**Exercise details:**
In the entries below, find the line with "((Nat.eqb (ep k)" and the line with "Definition connected (n"; give again those lines and every line between them, exactly.

::: Data to examine

Fixpoint rsum (N : nat) (f : nat -> R) : R :=
  match N with O => 0 | S p => rsum p f + f p end.

(* Graph: nodes 0..n-1, edges 0..m-1; edge k has positive end [ep k] and
   negative end [en k] (the chosen orientation); incidence d_ik = +1 / -1. *)

Definition edge_is (ep en : nat -> nat) (k i j : nat) : bool :=
  ((Nat.eqb (ep k) i && Nat.eqb (en k) j) || (Nat.eqb (ep k) j && Nat.eqb (en k) i))%bool.

Definition absD (ep en : nat -> nat) (i k : nat) : R :=
  if (Nat.eqb (ep k) i || Nat.eqb (en k) i)%bool then 1 else 0.

Definition other (ep en : nat -> nat) (i k : nat) : nat :=
  if Nat.eqb (ep k) i then en k else ep k.

Definition adj (m : nat) (ep en : nat -> nat) (i j : nat) : Prop :=
  exists k, (k < m)%nat /\ edge_is ep en k i j = true.

Definition connected (n m : nat) (ep en : nat -> nat) : Prop :=
  forall i j, (i < n)%nat -> (j < n)%nat -> clos_refl_trans nat (adj m ep en) i j.

Definition gam (ep en : nat -> nat) (B : nat -> nat -> R) (V : nat -> R) (k : nat) : R :=
  V (ep k) * V (en k) * B (ep k) (en k).

Definition Fd (B : nat -> nat -> R) (Xd Xdp : nat -> R) (i : nat) : R :=
  (1 - B i i * (Xd i - Xdp i)) / (Xd i - Xdp i).

Definition Emat (m : nat) (ep en : nat -> nat) (B : nat -> nat -> R) (Xd Xdp : nat -> R)
  (eta : nat -> R) (i j : nat) : R :=
  if Nat.eqb i j then Fd B Xd Xdp i
  else rsum m (fun k => if edge_is ep en k i j then - B i j * cos (eta k) else 0).

Definition EV (n m : nat) (ep en : nat -> nat) (B : nat -> nat -> R) (Xd Xdp : nat -> R)
  (eta V : nat -> R) (i : nat) : R :=
  rsum n (fun j => Emat m ep en B Xd Xdp eta i j * V j).

Definition W2 (n m : nat) (ep en : nat -> nat) (B : nat -> nat -> R) (Xd Xdp Efd : nat -> R)
  (eta etab V Vb : nat -> R) : R :=
  - rsum m (fun k => gam ep en B V k * cos (eta k))
  + rsum m (fun k => gam ep en B Vb k * cos (etab k))
  - rsum m (fun k => gam ep en B Vb k * sin (etab k) * (eta k - etab k))
  - rsum n (fun i => Efd i * (V i - Vb i))
  + / 2 * rsum n (fun i => V i * Fd B Xd Xdp i * V i)
  - / 2 * rsum n (fun i => Vb i * Fd B Xd Xdp i * Vb i).

Definition Qmat (m : nat) (ep en : nat -> nat) (B : nat -> nat -> R) (Xd Xdp : nat -> R)
  (etab Vb : nat -> R) (i j : nat) : R :=
  Emat m ep en B Xd Xdp etab i j
  - / Vb i * rsum m (fun k => absD ep en i k * gam ep en B Vb k
        * (sin (etab k) * / cos (etab k) * sin (etab k)) * absD ep en j k) * / Vb j.

Definition posdef (n : nat) (Q : nat -> nat -> R) : Prop :=
  forall x : nat -> R, (exists i, (i < n)%nat /\ x i <> 0) ->
    rsum n (fun i => rsum n (fun j => x i * Q i j * x j)) > 0.

From Stdlib Require Import Reals Bool Lra Lia.
Open Scope R_scope.

(* Expand W2 to second order at the equilibrium.  The equilibrium equation
   E(etab) Vb = Efd cancels the linear terms, and completing the square in each
   angle deviation d_k turns the quadratic part into
     1/2 u^T Q u + 1/2 sum_k gam_k(Vb) cos(etab_k) (d_k + tan(etab_k) w_k)^2,
   where u = V - Vb, w_k is the relative voltage deviation across edge k and Q
   is the matrix of condition (star).  Since Q is positive definite and
   cos(etab_k) > 0 this quadratic part is coercive in (d, u), while the Taylor
   remainder of cos makes the rest cubic; hence W2 > 0 on a small punctured box.
   The dissipation equality is the chain rule: the eta-gradient of W2 is
   lambda - lambda_bar and its V-gradient is E(eta) V - Efd = - T dV/dt. *)

Lemma rsum_ext N f g : (forall i, (i < N)%nat -> f i = g i) -> rsum N f = rsum N g.
Proof.
  induction N as [|N IH]; intros H; simpl; [reflexivity|].
  rewrite IH by (intros; apply H; lia). rewrite H by lia. reflexivity.
Qed.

::::::

**Expected answer:**
  ((Nat.eqb (ep k) i && Nat.eqb (en k) j) || (Nat.eqb (ep k) j && Nat.eqb (en k) i))%bool.

Definition absD (ep en : nat -> nat) (i k : nat) : R :=
  if (Nat.eqb (ep k) i || Nat.eqb (en k) i)%bool then 1 else 0.

Definition other (ep en : nat -> nat) (i k : nat) : nat :=
  if Nat.eqb (ep k) i then en k else ep k.

Definition adj (m : nat) (ep en : nat -> nat) (i j : nat) : Prop :=
  exists k, (k < m)%nat /\ edge_is ep en k i j = true.

Definition connected (n m : nat) (ep en : nat -> nat) : Prop :=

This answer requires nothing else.